The longer men and women are obese, the more infertility issues they might have. When obese boys and girls grow into obese teenagers and then obese adults, chances are they’re going to have fertility issues. Obesity affects the pancreas and its ability to produce insulin and regulate one’s blood sugar. Almost all obese women are at the insulin resistant stage—pre-diabetic—and that affects their ovaries, causing PCOS (the #1 cause of infertility in women), leading to poor ovulation, no production of eggs or non-viable eggs.

 

Not only is an optimal hormonal environment necessary for conception, but it is also necessary to carry a baby to term in a healthy, uneventful way.

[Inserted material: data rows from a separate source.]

(* Let $G_1$ and $G_2$ be $\hbar$-perfect graphs, and let $G$ be the graph obtained from the disjoint union of $G_1$ and $G_2$ by adding all edges between a vertex of $G_1$ and a vertex of $G_2$ (the join). Then $G$ is $\hbar$-perfect.
   Context: A realization of a graph $G$ on $\{1,\dots,n\}$ is a tuple $(S_1,\dots,S_n)$ of Pauli strings (tensor products of matrices from $\{I,X,Y,Z\}$) of common length with $S_i,S_j$ anticommuting iff $i\sim j$ and commuting otherwise; every graph has one. For $w\in\mathbb{R}^n_{\ge0}$, $\beta(G,w)=\sup_\rho\sum_iw_i\operatorname{tr}(\rho S_i)^2$ over density matrices $\rho$ (independent of the realization), and $\alpha(G,w)=\max\{\sum_{i\in I}w_i: I\text{ independent set of }G\}$. $G$ is $\hbar$-perfect if $\beta(G,w)=\alpha(G,w)$ for all $w\in\mathbb{R}^n_{\ge0}$. *)

From HB Require Import structures.
From mathcomp Require Import all_boot all_order all_algebra.
From mathcomp Require Import classical_sets reals.
From mathcomp Require Import complex mxtens.
Set Implicit Arguments. Unset Strict Implicit. Unset Printing Implicit Defensive.
Import Order.TTheory GRing.Theory Num.Theory.
Local Open Scope ring_scope.

Definition simple_graph (n : nat) (e : rel 'I_n) : Prop :=
  (forall i j, e i j = e j i) /\ (forall i, ~~ e i i).

Definition graph_join (n1 n2 : nat) (e1 : rel 'I_n1) (e2 : rel 'I_n2)
  : rel 'I_(n1 + n2) :=
  fun i j =>
    match split i, split j with
    | inl a, inl b => e1 a b
    | inr a, inr b => e2 a b
    | _, _ => true
    end.

Definition independent (n : nat) (e : rel 'I_n) (I : {set 'I_n}) : bool :=
  [forall i in I, forall j in I, ~~ e i j].

Definition alpha (R : realType) (n : nat) (e : rel 'I_n) (w : 'I_n -> R) : R :=
  \big[Num.max/0]_(I : {set 'I_n} | independent e I) \sum_(i in I) w i.

Inductive pauli := PI | PX | PY | PZ.

Section Pauli.
Variable R : rcfType.
Local Notation C := R[i].

Definition pauli_mx (p : pauli) : 'M[C]_2 :=
  match p with
  | PI => \matrix_(a < 2, b < 2) (if a == b then 1 else 0)
  | PX => \matrix_(a < 2, b < 2) (if a == b then 0 else 1)
  | PY => \matrix_(a < 2, b < 2)
            (if a == b then 0 else if (a == 0 :> nat) then - 'i else 'i)
  | PZ => \matrix_(a < 2, b < 2)
            (if a == b then (if (a == 0 :> nat) then 1 else -1) else 0)
  end%C.

Fixpoint pauli_string_mx (s : seq pauli) : 'M[C]_(2 ^ size s) :=
  match s return 'M[C]_(2 ^ size s) with
  | [::] => 1%:M
  | p :: s' => castmx (esym (expnS 2 (size s')), esym (expnS 2 (size s')))
                      (pauli_mx p *t pauli_string_mx s')
  end.

Definition pstr (m : nat) (t : m.-tuple pauli) : 'M[C]_(2 ^ m) :=
  castmx (congr1 (expn 2) (size_tuple t), congr1 (expn 2) (size_tuple t))
    (pauli_string_mx t).

Definition adjmx (N : nat) (A : 'M[C]_N) : 'M[C]_N := (map_mx Num.conj A)^T.

Definition density (N : nat) (rho : 'M[C]_N) : Prop :=
  [/\ adjmx rho = rho,
      (forall v : 'cV[C]_N, 0 <= ((map_mx Num.conj v)^T *m rho *m v) 0 0)
    & \tr rho = 1].

Definition realization (n m : nat) (e : rel 'I_n) (S : 'I_n -> m.-tuple pauli)
  : Prop :=
  forall i j, if e i j then pstr (S i) *m pstr (S j) = - (pstr (S j) *m pstr (S i))
              else pstr (S i) *m pstr (S j) = pstr (S j) *m pstr (S i).
End Pauli.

The heavier a woman is when she conceives, the more imbalanced her hormones become throughout gestation, the greater the risk of miscarriage. Additionally, compared with women of normal weight at the beginning stages of pregnancy, overweight and obese women have an increased risk of giving birth to a child with heart and neural tube defects (problems with how a baby’s brain and spinal cord develop). 

 

Ladies, gentlemen . . . you MUST think ahead.

 

Whether you’re engaged to be married and contemplating future children, or married and thinking about starting a family, or a single unattached man or woman who would like to be a parent one day, if you are overweight or obese, start getting yourself in shape now. Don’t wait. You’ll suffer heartache, I assure you. And, even if, let’s say, you get lucky and do become pregnant despite your obesity, what then? Think you’ll carry to term without problems? Doubt it. Think you’ll raise slim kids being obese parents? Ain’t gonna happen! You’ll perpetuate it in your children, and they won’t thank you for it. Trust me. I hear it from them every single day.